Is the inc in bytes?
> + * @src_sgl: If the 'icg' of sgl[] applies to Source (scattered read).
> + *		Otherwise, source is read contiguously (icg ignored).
> + *		Ignored if src_inc is false.
> + * @dst_sgl: If the 'icg' of sgl[] applies to Destination (scattered write).
> + *		Otherwise, destination is filled contiguously (icg ignored).
> + *		Ignored if dst_inc is false.
> + * @frm_irq: If the client expects DMAC driver to do callback after each frame.
why not reuse the callback in descriptor for this?
> + * @numf: Number of frames in this template.
> + * @frame_size: Number of chunks in a frame i.e, size of sgl[].
> + * @sgl: Array of {chunk,icg} pairs that make up a frame.
> + */
> +struct xfer_template {
> +	enum dma_transaction_type op;
> +	dma_addr_t src_start;
> +	dma_addr_t dst_start;
> +	bool src_inc;
> +	bool dst_inc;
> +	bool src_sgl;
> +	bool dst_sgl;
> +	bool frm_irq;
> +	size_t numf;
> +	size_t frame_size;
> +	struct data_chunk sgl[0];
> +};
>  
>  /**
>   * enum dma_ctrl_flags - DMA flags to augment operation preparation,
> @@ -430,6 +500,7 @@ struct dma_tx_state {
>   * @device_prep_dma_cyclic: prepare a cyclic dma operation suitable for audio.
>   *	The function takes a buffer of size buf_len. The callback function will
>   *	be called after period_len bytes have been transferred.
> + * @device_prep_dma_xfer: Transfer expression in 'most' generic way.
>   * @device_control: manipulate all pending operations on a channel, returns
>   *	zero or error code
>   * @device_tx_status: poll for transaction completion, the optional
> @@ -494,6 +565,9 @@ struct dma_device {
>  	struct dma_async_tx_descriptor *(*device_prep_dma_cyclic)(
>  		struct dma_chan *chan, dma_addr_t buf_addr, size_t buf_len,
>  		size_t period_len, enum dma_data_direction direction);
> +	struct dma_async_tx_descriptor *(*device_prep_dma_xfer)(
> +		struct dma_chan *chan, struct xfer_template *xt,
> +		unsigned long flags);
>  	int (*device_control)(struct dma_chan *chan, enum dma_ctrl_cmd cmd,
>  		unsigned long arg);
>  

Is this coordinated with Sundaram, he was trying similar thing with help
from Linus W?
Jassi Brar July 25, 2011, 1:13 p.m.
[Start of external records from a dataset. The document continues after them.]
(* Let $R$ be a finite set of $n$ robots, with coordination space $\chi=\mathbb{R}^n$, obstacle region, dynamics, brake-safe set $B_G$ and control law $g^G$ as described in the context, where $G$ is any directed graph on vertex set $R$. Let $s\in B_G$ and let $\mathbf u\in\mathbf U$ be a control satisfying, componentwise, $$\forall k\in\mathbb{N},\quad \mathbf u(k)\le g^G(\Phi(k,s,\mathbf u)).$$ Then $\Phi(k,s,\mathbf u)\in B_G$ for all $k\in\mathbb{N}$, and $\pi_x(\Phi(t,s,\mathbf u))\in\chi^{\mathrm{free}}_G$ for all $t\ge0$.
   Context: Robots $i\in R$ move along fixed paths; $x_i\in\mathbb{R}$ is the curvilinear coordinate of robot $i$, $x=(x_i)_{i\in R}\in\chi:=\mathbb{R}^n$, and $\{\mathbf e_i\}$ is the canonical basis of $\chi$. For each unordered pair $\{i,j\}$, $\chi^{\mathrm{obs}}_{ij}\subset\chi$ (configurations where $i$ and $j$ collide) is an open cylinder of the form $C_{ij}+\mathrm{span}\{\mathbf e_k:k\ne i,j\}$ where $C_{ij}$ is an open bounded convex subset of $\mathrm{span}\{\mathbf e_i,\mathbf e_j\}$ (possibly empty); $\chi^{\mathrm{obs}}=\bigcup_{\{i,j\}}\chi^{\mathrm{obs}}_{ij}$. For $i\neq j$ define $\chi^{\mathrm{obs}}_{i\succ j}:=\chi^{\mathrm{obs}}_{ij}-\mathbb{R}_+\mathbf e_i+\mathbb{R}_+\mathbf e_j$ (Minkowski sum). A priority graph is a directed graph $G$ with vertex set $R$ and edge set $E(G)$; an edge $(i,j)$ means $i$ has priority over $j$. Set $\chi^{\mathrm{obs}}_G:=\bigcup_{(i,j)\in E(G)}\chi^{\mathrm{obs}}_{i\succ j}$, $\chi^{\mathrm{free}}_G:=\chi\setminus\chi^{\mathrm{obs}}_G$. Dynamics: robot $i$ has state $s_i=(x_i,v_i)\in S_i:=\mathbb{R}\times[0,\overline v_i]$ with speed limit $\overline v_i\ge 0$, and $\dot x_i=v_i$, $\dot v_i=\mathbf u_i(t)\,\delta(\mathbf u_i(t),v_i(t))$, where $\delta(u,v)=0$ if ($v=0$ and $u<0$) or ($v=\overline v_i$ and $u>0$), and $\delta=1$ otherwise. Controls take values in $U_i=[\underline u_i,\overline u_i]$ with $\underline u_i<0<\overline u_i$ and are piecewise constant on each slot $[k,k+1)$, $k\in\mathbb{N}$; $\mathbf U_i$ is the set of such controls, $\mathbf U=\prod_i\mathbf U_i$, $S=\prod_i S_i$, $U=\prod_i U_i$. $\Phi_i(t,s_i,\mathbf u_i)$ is the resulting flow of robot $i$ from $s_i$, and $\Phi(t,s,\mathbf u)=(\Phi_i(t,s_i,\mathbf u_i))_i$. $\underline{\mathbf u}$ denotes the constant control equal to $(\underline u_i)_i$. $\pi_x(s)=x$. Brake-safe states: $B_G:=\{s\in S:\ \pi_x(\Phi(t,s,\underline{\mathbf u}))\in\chi^{\mathrm{free}}_G\ \forall t\ge0\}$. Impulse control: $\mathbf u_i^{\mathrm{impulse}}(t)=\overline u_i$ for $t\in[0,1)$ and $=\underline u_i$ for $t\ge1$. Worst-case control w.r.t. $i$: $\tilde{\mathbf u}^i$ with $\tilde{\mathbf u}^i_i=\mathbf u_i^{\mathrm{impulse}}$ and $\tilde{\mathbf u}^i_j$ the constant control $\underline u_j$ for $j\ne i$. Control law $g^G:S\to U$: $g^G_i(s)=\underline u_i$ if there exists $(j,i)\in E(G)$ and $t\ge0$ with $\pi_x(\Phi(t,s,\tilde{\mathbf u}^i))\in\chi^{\mathrm{obs}}_{j\succ i}$; otherwise $g^G_i(s)=\overline u_i$. *)

From Stdlib Require Import Reals Lra ZArith ClassicalDescription.
From Coquelicot Require Import Coquelicot.
Open Scope R_scope.

(* Robots are the indices 0..n-1 (nat, i < n).  Coordinates / states / controls
   are functions on nat; only indices i < n are meaningful. *)

(* C i j a b : (x_i, x_j) = (a, b) lies in the 2D collision set C_ij. *)
Definition obs_ij (C : nat -> nat -> R -> R -> Prop) (i j : nat) (x : nat -> R) : Prop :=
  C i j (x i) (x j).

(* chi^obs_{i > j} = chi^obs_ij - R_+ e_i + R_+ e_j  (Minkowski sum) *)
Definition obs_succ (C : nat -> nat -> R -> R -> Prop) (i j : nat) (x : nat -> R) : Prop :=
  exists a b : R, 0 <= a /\ 0 <= b /\
    obs_ij C i j (fun k => if Nat.eqb k i then x k + a
                           else if Nat.eqb k j then x k - b else x k).

(* a priority graph on {0..n-1}: edge relation E; self loops are ignored *)
Definition obs_G (n : nat) (C : nat -> nat -> R -> R -> Prop) (E : nat -> nat -> Prop)
  (x : nat -> R) : Prop :=
  exists i j, (i < n)%nat /\ (j < n)%nat /\ i <> j /\ E i j /\ obs_succ C i j x.

Definition free_G n C E (x : nat -> R) : Prop := ~ obs_G n C E x.
Lemma continuity_2d_pt_cos_snd x y : continuity_2d_pt (fun _ t => cos t) x y.
Proof.
  apply (continuity_1d_2d_pt_comp cos (fun _ t => t));
    [apply continuity_cos | apply continuity_2d_pt_id2].
Qed.

Lemma continuity_2d_pt_sin_snd x y : continuity_2d_pt (fun _ t => sin t) x y.
Proof.
  apply (continuity_1d_2d_pt_comp sin (fun _ t => t));
    [apply continuity_sin | apply continuity_2d_pt_id2].
Qed.

Ltac continuity_2d :=
  repeat first
    [ apply continuity_2d_pt_plus | apply continuity_2d_pt_mult
    | apply continuity_2d_pt_id1 | apply continuity_2d_pt_id2
    | apply continuity_2d_pt_const
    | apply continuity_2d_pt_cos_snd | apply continuity_2d_pt_sin_snd ].

Lemma fun2_ext (G H : R -> R -> R) : (forall x y, G x y = H x y) -> G = H.
Proof.
  intro E; apply functional_extensionality; intro x.
  apply functional_extensionality; intro y; apply E.
Qed.

Definition continuous2 (G : R -> R -> R) := forall x y, continuity_2d_pt G x y.

Definition circle_mean (H : R -> R -> R) (x y : R) : R :=
  / (2 * PI) * RInt (fun t => H (x + cos t) (y + sin t)) 0 (2 * PI).

Definition phasor_mean (m : nat) (G : R -> R -> R) (x y : R) : R :=
  unif_avg m (fun l => G (x + fst (phasor_sum l)) (y + snd (phasor_sum l))).

Lemma continuous_circle_shift H x y t :
  continuous2 H -> continuous (fun t => H (x + cos t) (y + sin t)) t.
Proof.
  intro HH.
  apply (continuous_comp_2 (fun t => x + cos t) (fun t => y + sin t) H).
  - apply ex_derive_continuous_R; auto_derive; auto.
  - apply ex_derive_continuous_R; auto_derive; auto.
  - apply continuity_2d_pt_filterlim, HH.
Qed.

Lemma ex_RInt_circle_shift H x y :
  continuous2 H -> ex_RInt (fun t => H (x + cos t) (y + sin t)) 0 (2 * PI).
Proof. intro HH; apply ex_RInt_continuous_R; intros; apply continuous_circle_shift, HH. Qed.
UTC | #3
On 25 July 2011 16:25, Linus Walleij <linus.ml.walleij@gmail.com> wrote:
> 2011/7/23 Jassi Brar <jaswinder.singh@linaro.org>:
>
>> This is an attempt to define an api that could be used for doing
>> fancy data transfers like interleaved to contiguous copy and vice-versa.
>> Traditional SG_list based transfers tend to be very inefficient
>> in such cases. Such cases call for some very condensed api to convey
>> pattern of the transfer. This is an attempt at that condensed api.
>>
>> The api supports all 4 variants of scatter-gather and contiguous transfer.
>> Besides, it could easily represent common operations like
>>        device_prep_dma_{cyclic, memset, memcpy}
>> and maybe some more that I am not sure of.
>>
>> Of course, this api too can't help transfers that don't lend to DMA by
>> nature, i.e, scattered tiny read/writes with no periodic pattern.
>>
>> Signed-off-by: Jassi Brar <jaswinder.singh@linaro.org>
>
> I think this also looks interesting, it's the same idea as for using
> control commands to set up striding, but by supporting a totally
> new function call instead.
>
> Do you think this method can be filled in with a default
> implementation that converts the request to a plain sglist request
> to memory or slave if interleaved transfers are not available?
> That would mean that drivers can use this API on any DMA
> engine, no matter whether it supports ICG/striding or not.
At the moment, this is supposed to be used only for the fancy kind
of transfers that involve lengths and skips in a few _bytes_.
For which SGL is ineffient in the first place.

>
> If we do that, this is much better than using a special control
> command.
Maybe I should have added something like 'GENERAL_XFER' capability
flag to the api.
Though not set in stone, but I strongly believe this should be how it is now.

>
> + * @src_inc: If the source address increments after reading from it.
> + * @dst_inc: If the destination address increments after writing to it.
>
> Currently whether source/destination increments or not is
> implicit from transaction type, i.e. if it's a mem2mem transfer
> it is implicit that both increment, if it's a slave transfer we can
> infer from the direction (to/from peripheral) whether source or
> destination is supposed to increment.
Such few things are for later.... final part of my conspiracy ;)
Now that we are renovating the DMA API, we might come to
agree that this callback can just as well be employed for
Mem<->Device transfer.

>
> IMO this means duplication, and removes abstraction from the
> API, it looks more like specific bits to be set in the DMA
> hardware to control increments.
>
> In this form it makes possible to set up nonsensical operations like
> a memory-to-memory transfer to a non-incrementing address which
> is not a peripheral FIFO, which is not good IMO.
Not really.
We can convey 'memset' type of operation with this
 src_inc := false
 dsr_inc := true
 src_width := length of byte-sequence to repeated

The point is to cover as many possibilities as possible (at acceptable cost)
And of course, either the client won't make invalid requests or the
DMAC will reject them -- just as is _already_ the case.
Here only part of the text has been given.